Go through the listing beneath and show each line containing the string "Variables".

★ ★ ★ ★ ★ ★ ★

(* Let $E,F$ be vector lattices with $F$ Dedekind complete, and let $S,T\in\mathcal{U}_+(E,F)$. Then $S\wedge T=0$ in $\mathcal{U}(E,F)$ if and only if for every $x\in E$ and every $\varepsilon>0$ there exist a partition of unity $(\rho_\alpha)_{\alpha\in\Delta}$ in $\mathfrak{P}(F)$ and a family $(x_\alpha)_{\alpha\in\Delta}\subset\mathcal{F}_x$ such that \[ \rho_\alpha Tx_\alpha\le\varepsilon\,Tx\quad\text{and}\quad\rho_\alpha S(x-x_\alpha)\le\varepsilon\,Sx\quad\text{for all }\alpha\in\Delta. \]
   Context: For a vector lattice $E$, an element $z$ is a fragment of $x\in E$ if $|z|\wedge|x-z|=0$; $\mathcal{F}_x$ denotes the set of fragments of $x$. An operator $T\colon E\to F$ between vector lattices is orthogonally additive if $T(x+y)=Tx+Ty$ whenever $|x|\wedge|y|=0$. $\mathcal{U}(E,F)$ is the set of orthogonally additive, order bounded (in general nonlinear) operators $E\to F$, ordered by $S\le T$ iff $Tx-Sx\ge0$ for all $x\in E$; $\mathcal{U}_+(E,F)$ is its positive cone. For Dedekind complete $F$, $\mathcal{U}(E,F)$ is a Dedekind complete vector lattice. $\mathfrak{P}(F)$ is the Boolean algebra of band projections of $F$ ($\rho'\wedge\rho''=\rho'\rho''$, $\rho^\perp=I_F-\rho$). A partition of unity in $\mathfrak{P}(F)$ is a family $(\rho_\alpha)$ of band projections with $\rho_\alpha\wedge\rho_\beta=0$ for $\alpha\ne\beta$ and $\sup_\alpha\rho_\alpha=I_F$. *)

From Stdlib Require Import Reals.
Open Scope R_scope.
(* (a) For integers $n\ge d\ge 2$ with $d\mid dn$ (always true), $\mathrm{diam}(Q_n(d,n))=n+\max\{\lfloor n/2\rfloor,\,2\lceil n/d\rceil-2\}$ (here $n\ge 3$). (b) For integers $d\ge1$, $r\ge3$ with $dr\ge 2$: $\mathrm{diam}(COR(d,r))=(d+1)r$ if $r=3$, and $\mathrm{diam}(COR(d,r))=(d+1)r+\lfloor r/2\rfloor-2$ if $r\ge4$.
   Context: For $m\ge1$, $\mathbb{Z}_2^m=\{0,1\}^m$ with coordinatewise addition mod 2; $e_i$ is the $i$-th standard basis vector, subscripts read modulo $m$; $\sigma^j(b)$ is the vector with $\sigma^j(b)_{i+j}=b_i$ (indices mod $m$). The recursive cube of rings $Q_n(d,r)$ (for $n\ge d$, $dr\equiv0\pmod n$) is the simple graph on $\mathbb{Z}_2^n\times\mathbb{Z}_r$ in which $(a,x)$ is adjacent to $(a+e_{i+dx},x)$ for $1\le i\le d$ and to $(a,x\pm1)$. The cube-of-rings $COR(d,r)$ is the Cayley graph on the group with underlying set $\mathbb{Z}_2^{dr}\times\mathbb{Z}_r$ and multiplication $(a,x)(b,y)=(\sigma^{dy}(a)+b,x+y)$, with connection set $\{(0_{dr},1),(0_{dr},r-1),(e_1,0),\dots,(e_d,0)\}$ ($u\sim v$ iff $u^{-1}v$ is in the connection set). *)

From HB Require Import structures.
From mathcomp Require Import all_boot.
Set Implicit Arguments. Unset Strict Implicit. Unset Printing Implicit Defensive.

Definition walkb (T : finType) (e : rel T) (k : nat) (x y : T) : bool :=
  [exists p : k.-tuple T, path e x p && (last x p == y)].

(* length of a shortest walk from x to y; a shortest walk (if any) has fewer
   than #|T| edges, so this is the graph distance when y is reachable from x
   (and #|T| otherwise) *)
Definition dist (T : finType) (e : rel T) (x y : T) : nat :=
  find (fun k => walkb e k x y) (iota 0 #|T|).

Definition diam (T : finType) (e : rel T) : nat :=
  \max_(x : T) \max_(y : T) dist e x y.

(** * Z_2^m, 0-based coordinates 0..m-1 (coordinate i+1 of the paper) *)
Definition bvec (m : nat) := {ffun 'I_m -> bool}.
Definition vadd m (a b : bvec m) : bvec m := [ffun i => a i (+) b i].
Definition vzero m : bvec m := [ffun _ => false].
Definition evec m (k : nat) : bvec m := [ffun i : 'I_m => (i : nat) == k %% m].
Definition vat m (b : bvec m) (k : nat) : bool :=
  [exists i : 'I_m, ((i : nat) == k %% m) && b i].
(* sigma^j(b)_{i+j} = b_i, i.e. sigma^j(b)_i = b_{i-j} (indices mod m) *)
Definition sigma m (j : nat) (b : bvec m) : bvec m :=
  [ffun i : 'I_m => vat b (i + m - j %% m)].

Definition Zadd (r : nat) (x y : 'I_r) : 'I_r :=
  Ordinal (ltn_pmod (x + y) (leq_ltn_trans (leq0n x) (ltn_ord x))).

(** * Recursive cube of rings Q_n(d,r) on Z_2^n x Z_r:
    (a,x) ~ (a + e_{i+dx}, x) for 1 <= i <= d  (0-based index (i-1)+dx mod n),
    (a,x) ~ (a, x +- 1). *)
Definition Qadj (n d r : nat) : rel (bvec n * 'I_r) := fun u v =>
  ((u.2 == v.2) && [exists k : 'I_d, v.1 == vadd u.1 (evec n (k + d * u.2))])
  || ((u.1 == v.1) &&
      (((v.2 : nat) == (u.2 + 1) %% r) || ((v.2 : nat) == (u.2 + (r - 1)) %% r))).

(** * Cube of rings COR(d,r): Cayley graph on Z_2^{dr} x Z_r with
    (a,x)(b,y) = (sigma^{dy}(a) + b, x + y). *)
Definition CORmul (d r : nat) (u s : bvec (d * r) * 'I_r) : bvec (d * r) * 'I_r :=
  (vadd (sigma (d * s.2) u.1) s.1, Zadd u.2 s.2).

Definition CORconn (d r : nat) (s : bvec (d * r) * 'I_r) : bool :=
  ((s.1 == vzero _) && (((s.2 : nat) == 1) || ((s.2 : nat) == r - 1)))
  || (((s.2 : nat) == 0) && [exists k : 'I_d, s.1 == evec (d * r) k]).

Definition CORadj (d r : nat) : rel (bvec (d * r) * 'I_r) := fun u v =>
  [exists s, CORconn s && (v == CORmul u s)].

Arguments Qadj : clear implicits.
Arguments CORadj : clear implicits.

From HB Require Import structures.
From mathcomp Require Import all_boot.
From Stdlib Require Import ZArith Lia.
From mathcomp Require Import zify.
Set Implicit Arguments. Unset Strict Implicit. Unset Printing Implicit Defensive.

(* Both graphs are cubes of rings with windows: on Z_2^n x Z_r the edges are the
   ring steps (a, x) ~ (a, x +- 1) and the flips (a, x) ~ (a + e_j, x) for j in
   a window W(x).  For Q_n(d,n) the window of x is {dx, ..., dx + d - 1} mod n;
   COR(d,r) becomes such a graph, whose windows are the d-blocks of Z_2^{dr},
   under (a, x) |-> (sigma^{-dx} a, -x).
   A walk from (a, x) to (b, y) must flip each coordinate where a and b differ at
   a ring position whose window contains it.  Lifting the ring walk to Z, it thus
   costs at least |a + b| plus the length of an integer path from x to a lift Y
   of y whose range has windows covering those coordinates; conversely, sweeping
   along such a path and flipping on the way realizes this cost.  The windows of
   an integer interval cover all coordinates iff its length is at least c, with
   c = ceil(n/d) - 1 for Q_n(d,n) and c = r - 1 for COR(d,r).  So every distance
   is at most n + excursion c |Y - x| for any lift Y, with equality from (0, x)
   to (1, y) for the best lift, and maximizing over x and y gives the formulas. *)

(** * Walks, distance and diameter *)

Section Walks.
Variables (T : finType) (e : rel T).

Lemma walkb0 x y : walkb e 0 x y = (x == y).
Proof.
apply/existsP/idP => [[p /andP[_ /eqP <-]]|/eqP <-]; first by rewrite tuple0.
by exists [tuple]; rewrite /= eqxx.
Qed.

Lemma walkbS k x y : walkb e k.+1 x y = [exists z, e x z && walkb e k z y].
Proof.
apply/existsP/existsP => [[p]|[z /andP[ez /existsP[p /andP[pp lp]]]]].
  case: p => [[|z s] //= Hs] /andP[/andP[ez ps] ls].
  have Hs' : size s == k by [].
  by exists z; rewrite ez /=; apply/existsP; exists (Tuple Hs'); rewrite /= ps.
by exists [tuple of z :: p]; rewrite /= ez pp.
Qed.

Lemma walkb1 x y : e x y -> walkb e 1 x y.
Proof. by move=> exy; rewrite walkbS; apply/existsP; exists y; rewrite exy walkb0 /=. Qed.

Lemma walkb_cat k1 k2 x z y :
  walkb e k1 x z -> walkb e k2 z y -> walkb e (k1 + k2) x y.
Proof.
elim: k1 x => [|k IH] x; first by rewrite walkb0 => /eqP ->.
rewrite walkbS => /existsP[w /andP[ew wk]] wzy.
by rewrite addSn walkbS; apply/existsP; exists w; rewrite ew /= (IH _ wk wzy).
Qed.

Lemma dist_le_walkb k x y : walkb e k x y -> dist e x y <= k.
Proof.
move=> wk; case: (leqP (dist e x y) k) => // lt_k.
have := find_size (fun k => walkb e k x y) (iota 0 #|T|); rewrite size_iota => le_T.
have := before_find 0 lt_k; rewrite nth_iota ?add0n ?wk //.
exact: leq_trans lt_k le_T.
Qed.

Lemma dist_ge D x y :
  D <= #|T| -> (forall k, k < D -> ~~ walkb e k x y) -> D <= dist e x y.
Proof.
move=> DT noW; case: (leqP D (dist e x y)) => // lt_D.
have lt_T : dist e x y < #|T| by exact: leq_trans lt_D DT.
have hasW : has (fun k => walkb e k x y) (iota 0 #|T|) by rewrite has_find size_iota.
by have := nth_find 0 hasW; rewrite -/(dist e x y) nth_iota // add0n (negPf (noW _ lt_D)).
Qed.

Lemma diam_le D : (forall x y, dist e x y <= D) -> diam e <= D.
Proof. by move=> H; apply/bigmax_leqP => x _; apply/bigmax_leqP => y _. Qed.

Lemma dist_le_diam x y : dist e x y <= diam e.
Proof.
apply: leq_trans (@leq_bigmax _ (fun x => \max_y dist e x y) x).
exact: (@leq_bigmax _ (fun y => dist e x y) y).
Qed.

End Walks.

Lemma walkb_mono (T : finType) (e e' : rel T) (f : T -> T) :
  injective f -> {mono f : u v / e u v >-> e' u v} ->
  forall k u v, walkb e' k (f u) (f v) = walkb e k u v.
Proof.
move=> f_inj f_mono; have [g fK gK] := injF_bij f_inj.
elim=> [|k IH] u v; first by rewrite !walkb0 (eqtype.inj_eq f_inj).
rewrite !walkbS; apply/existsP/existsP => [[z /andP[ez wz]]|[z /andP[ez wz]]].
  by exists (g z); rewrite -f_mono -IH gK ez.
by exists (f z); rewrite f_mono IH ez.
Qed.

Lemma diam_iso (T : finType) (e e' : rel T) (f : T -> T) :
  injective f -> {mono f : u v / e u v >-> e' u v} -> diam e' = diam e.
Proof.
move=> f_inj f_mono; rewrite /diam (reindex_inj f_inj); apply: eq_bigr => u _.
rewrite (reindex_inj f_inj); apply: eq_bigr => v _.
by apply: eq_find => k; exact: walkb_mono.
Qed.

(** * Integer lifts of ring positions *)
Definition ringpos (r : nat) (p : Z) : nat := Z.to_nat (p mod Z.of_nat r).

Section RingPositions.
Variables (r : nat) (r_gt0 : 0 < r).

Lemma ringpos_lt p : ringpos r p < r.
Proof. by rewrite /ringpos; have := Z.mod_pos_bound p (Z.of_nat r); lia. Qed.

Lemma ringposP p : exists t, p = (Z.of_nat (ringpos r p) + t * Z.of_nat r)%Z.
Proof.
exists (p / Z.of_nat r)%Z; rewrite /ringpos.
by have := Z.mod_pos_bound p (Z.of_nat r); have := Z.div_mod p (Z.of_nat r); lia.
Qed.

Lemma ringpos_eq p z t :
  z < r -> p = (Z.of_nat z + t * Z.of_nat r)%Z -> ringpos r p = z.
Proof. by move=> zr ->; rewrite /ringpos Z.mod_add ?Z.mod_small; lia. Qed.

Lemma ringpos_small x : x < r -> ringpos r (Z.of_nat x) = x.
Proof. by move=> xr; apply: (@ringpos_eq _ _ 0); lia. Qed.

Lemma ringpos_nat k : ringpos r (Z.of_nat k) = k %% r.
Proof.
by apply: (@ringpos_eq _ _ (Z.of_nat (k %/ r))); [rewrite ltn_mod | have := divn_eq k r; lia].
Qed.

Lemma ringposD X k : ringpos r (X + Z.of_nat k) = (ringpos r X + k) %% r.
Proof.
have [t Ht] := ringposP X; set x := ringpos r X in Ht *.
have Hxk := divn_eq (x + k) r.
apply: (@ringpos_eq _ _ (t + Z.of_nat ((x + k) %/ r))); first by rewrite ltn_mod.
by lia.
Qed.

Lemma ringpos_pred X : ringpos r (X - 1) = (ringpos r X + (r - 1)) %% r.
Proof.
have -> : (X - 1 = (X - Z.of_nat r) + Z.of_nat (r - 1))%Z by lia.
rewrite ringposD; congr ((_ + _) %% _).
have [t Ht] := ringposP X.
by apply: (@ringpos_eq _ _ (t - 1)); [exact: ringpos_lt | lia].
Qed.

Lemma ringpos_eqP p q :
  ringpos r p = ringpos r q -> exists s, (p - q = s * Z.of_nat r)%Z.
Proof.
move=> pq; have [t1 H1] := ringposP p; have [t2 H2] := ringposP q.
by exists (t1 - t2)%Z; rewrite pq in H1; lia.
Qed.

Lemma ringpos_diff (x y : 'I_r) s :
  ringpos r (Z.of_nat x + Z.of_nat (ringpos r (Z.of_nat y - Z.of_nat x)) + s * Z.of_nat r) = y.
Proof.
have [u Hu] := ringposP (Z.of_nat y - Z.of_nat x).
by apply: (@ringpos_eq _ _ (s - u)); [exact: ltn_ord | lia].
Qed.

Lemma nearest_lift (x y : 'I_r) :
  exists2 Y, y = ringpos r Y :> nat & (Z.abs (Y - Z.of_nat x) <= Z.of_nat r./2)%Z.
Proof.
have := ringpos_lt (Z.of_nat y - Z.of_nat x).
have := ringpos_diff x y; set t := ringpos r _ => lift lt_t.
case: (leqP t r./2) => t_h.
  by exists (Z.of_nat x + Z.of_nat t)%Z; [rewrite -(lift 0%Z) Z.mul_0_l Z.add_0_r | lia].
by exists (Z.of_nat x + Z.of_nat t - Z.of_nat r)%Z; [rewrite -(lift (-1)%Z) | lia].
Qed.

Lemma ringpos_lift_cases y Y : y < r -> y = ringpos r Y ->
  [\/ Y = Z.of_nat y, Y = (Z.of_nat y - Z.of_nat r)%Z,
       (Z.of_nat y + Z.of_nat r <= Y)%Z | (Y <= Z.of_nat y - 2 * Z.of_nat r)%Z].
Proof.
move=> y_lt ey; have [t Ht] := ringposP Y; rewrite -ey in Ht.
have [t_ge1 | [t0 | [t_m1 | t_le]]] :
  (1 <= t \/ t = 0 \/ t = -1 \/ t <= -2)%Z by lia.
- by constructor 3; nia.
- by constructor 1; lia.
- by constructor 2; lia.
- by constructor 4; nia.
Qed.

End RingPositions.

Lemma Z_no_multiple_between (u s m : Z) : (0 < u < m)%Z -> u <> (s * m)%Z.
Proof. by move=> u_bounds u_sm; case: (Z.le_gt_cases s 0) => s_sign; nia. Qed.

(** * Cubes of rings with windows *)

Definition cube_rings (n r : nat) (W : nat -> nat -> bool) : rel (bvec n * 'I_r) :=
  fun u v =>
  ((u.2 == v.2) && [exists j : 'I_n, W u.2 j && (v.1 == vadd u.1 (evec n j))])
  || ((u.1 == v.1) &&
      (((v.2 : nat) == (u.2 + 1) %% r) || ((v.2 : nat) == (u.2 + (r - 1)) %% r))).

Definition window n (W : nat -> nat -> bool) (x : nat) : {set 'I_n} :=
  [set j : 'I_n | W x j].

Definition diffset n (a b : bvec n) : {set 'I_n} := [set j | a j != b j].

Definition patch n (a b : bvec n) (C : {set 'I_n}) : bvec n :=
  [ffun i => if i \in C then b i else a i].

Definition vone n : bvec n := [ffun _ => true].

★ ★ ★ ★ ★ ★ ★

#### EXERCISE OUTPUT
Variables (T : finType) (e : rel T).
Variables (r : nat) (r_gt0 : 0 < r).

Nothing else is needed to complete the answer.